**REQUIREMENT:** Lift out, unaltered, the lines of the material below between the line holding "From mathcomp Require Import all_boot all_order all_algebra." and the line holding "x = \sum_i c i *: p i].", counting both.

Top of DATA FOR PROCESSING

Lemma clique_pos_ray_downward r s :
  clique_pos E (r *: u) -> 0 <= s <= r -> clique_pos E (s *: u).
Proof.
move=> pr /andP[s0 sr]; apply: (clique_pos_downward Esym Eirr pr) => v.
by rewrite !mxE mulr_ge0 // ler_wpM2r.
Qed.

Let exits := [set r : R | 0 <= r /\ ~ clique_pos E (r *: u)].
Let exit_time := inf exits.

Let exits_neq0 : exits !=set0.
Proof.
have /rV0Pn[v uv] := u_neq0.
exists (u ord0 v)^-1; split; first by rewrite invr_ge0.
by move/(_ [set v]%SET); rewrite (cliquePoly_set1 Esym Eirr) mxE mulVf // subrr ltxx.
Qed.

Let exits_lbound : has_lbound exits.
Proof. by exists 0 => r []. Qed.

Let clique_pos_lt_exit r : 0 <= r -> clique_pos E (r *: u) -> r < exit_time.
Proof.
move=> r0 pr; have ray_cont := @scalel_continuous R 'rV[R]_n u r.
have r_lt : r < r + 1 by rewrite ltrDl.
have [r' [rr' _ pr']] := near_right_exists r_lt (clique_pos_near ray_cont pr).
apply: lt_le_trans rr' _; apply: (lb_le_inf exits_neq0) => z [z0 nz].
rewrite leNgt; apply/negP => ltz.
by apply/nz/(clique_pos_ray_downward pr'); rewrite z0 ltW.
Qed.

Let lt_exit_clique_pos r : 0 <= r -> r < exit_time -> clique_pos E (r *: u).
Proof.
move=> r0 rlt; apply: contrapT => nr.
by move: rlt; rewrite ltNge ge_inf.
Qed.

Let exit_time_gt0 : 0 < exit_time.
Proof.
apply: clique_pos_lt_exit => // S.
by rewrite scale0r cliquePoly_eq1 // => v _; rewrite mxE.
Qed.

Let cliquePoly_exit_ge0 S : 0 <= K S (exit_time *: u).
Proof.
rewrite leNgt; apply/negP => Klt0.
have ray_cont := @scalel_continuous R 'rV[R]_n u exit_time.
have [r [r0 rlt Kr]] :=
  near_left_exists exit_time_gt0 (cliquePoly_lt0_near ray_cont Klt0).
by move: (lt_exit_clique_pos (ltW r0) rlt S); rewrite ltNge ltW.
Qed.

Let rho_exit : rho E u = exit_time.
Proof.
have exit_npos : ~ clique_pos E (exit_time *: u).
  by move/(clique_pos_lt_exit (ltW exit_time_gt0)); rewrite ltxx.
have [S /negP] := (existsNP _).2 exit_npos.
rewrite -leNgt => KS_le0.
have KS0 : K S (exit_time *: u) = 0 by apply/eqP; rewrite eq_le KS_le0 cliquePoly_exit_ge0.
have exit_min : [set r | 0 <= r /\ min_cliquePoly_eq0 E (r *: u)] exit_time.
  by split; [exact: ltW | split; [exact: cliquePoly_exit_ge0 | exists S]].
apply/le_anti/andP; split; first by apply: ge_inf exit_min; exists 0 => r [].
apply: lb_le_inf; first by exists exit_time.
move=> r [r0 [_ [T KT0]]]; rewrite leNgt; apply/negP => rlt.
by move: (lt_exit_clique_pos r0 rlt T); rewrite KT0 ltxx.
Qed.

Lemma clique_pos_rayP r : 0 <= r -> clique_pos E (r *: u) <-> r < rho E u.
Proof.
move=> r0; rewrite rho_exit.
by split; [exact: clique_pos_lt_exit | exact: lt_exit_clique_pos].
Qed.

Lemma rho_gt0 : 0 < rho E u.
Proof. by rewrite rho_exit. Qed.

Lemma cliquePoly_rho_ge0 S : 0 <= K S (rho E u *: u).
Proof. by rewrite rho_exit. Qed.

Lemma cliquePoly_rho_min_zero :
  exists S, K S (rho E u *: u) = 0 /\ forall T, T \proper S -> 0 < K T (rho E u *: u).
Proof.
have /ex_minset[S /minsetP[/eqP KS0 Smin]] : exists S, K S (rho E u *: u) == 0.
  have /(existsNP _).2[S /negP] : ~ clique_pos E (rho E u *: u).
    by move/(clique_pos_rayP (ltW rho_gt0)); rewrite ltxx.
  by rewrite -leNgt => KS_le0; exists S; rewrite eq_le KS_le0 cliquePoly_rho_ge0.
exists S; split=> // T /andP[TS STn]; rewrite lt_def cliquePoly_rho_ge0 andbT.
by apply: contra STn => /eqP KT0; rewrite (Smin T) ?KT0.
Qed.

Bottom of DATA FOR PROCESSING
Top of DATA FOR PROCESSING

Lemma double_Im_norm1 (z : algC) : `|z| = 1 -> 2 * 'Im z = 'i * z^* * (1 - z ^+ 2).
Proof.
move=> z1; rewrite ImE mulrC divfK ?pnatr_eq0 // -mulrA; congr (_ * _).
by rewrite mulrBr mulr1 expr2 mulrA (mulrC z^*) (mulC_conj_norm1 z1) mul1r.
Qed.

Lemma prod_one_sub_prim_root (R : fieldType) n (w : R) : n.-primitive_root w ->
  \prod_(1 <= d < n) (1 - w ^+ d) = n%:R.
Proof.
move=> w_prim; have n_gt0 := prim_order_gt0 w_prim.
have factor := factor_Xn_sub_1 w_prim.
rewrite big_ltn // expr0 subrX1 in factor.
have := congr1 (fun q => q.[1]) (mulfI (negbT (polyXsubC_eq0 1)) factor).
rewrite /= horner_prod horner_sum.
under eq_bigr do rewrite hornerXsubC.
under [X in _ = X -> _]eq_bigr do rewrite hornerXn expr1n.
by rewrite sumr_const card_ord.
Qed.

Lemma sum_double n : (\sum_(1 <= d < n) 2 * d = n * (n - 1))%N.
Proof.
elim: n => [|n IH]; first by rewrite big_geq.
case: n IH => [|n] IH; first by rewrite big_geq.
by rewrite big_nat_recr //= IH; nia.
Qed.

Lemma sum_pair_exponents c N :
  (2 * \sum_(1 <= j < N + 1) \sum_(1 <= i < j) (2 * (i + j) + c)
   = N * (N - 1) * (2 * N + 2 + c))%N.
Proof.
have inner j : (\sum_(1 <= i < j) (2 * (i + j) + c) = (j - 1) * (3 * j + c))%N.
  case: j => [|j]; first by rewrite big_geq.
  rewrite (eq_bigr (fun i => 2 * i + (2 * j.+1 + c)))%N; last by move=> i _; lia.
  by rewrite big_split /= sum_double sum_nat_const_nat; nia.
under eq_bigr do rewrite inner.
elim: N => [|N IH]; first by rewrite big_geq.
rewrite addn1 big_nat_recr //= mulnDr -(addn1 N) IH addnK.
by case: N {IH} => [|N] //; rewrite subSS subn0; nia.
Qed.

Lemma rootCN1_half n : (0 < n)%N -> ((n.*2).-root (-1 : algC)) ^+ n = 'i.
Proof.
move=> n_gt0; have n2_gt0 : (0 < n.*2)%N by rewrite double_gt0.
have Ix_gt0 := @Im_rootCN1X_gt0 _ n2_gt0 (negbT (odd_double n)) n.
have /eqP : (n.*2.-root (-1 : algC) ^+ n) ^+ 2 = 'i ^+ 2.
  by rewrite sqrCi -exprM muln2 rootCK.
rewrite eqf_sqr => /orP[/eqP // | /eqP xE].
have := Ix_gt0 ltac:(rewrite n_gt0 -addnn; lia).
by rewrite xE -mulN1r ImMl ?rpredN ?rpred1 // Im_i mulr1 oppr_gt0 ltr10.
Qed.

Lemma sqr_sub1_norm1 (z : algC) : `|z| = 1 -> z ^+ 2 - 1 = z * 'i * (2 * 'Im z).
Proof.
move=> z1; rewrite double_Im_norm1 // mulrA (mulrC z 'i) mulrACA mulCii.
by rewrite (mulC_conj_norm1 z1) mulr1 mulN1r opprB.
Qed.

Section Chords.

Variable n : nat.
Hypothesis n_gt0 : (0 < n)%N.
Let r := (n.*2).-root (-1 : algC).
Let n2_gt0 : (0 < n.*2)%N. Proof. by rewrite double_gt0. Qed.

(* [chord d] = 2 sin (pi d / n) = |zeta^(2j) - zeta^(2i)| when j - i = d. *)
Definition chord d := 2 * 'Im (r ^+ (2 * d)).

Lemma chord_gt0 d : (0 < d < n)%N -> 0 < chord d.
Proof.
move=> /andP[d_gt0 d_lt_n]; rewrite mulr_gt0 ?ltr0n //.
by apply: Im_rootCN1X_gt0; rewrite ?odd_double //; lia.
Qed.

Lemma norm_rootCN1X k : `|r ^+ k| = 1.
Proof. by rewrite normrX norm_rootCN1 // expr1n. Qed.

Bottom of DATA FOR PROCESSING
Top of DATA FOR PROCESSING

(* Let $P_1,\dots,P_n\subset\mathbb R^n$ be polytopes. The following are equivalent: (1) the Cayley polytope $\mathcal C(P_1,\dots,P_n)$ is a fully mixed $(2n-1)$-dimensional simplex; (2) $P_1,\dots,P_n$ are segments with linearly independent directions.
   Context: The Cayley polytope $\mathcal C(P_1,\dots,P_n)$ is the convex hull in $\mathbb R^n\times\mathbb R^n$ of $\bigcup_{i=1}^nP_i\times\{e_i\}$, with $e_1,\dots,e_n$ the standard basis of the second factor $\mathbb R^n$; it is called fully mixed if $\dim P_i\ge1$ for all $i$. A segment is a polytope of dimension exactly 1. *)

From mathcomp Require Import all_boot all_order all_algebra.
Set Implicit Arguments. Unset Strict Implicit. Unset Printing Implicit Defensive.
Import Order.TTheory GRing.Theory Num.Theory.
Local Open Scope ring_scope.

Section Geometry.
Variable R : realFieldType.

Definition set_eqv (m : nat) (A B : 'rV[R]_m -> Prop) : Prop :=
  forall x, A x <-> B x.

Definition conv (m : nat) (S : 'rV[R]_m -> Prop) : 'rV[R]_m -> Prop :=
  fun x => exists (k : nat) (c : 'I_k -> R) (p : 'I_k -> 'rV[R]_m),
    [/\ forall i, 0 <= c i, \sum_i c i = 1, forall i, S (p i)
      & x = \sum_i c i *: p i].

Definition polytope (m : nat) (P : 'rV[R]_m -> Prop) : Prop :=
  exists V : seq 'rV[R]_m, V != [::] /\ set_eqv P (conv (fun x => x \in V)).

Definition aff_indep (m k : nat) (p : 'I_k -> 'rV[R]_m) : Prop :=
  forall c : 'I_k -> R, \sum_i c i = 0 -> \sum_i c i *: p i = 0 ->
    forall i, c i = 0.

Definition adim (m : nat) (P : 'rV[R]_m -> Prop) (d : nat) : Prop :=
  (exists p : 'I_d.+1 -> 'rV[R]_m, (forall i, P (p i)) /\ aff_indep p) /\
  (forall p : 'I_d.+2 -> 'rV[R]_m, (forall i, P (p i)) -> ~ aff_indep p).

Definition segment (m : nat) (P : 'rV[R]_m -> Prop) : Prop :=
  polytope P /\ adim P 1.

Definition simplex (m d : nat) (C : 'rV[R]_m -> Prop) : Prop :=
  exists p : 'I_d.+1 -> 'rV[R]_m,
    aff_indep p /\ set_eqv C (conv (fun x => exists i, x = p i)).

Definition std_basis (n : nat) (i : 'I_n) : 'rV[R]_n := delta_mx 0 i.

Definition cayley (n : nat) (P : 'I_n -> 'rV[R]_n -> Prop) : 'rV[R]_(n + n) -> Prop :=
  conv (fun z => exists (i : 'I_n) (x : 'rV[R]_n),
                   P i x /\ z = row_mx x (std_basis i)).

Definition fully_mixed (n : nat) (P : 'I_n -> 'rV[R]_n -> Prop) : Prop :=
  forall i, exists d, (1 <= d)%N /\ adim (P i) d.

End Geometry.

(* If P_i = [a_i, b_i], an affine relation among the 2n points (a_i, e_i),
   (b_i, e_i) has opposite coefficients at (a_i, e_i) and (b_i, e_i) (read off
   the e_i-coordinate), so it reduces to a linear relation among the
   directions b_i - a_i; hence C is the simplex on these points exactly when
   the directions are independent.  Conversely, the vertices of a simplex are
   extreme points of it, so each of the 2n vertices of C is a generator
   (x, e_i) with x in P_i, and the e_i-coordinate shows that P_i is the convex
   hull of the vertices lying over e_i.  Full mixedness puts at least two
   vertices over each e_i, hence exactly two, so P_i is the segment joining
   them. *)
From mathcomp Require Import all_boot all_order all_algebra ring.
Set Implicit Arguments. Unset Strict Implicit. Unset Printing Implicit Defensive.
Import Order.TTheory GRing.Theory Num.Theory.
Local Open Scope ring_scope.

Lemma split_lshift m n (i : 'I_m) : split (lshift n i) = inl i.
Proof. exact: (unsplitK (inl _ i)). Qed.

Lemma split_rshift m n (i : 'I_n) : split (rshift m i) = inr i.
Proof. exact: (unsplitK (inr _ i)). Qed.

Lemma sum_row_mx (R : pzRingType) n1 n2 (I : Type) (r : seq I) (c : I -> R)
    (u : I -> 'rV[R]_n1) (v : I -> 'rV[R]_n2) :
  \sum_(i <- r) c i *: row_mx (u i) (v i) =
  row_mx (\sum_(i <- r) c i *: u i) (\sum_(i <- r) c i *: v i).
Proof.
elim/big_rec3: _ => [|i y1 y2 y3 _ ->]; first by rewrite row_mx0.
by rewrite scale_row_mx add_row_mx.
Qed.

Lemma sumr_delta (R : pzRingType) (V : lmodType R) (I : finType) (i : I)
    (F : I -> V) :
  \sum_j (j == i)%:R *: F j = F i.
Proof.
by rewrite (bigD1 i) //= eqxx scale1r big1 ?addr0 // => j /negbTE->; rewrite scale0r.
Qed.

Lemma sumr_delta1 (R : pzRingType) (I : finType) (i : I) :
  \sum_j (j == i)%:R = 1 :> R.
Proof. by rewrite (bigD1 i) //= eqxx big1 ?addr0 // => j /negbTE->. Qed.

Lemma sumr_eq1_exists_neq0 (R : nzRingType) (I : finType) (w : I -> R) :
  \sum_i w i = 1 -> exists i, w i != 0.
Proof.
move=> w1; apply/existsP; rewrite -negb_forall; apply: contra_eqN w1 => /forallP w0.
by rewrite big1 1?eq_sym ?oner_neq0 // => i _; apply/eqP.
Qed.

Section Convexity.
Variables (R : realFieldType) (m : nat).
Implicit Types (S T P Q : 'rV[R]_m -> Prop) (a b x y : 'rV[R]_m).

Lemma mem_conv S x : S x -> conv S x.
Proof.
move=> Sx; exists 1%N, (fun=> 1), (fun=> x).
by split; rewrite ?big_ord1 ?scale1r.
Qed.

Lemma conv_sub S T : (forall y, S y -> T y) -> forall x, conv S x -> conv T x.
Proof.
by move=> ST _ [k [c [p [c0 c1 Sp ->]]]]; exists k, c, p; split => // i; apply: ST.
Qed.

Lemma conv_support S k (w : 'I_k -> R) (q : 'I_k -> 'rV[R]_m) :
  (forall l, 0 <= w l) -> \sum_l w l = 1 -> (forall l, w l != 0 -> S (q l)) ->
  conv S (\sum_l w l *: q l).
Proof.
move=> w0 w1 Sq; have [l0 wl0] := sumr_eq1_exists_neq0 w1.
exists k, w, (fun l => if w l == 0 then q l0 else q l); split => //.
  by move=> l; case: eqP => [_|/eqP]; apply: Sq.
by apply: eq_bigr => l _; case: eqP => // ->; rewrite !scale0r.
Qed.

Bottom of DATA FOR PROCESSING

**TASK OUTPUT:**
From mathcomp Require Import all_boot all_order all_algebra.
Set Implicit Arguments. Unset Strict Implicit. Unset Printing Implicit Defensive.
Import Order.TTheory GRing.Theory Num.Theory.
Local Open Scope ring_scope.

Section Geometry.
Variable R : realFieldType.

Definition set_eqv (m : nat) (A B : 'rV[R]_m -> Prop) : Prop :=
  forall x, A x <-> B x.

Definition conv (m : nat) (S : 'rV[R]_m -> Prop) : 'rV[R]_m -> Prop :=
  fun x => exists (k : nat) (c : 'I_k -> R) (p : 'I_k -> 'rV[R]_m),
    [/\ forall i, 0 <= c i, \sum_i c i = 1, forall i, S (p i)
      & x = \sum_i c i *: p i].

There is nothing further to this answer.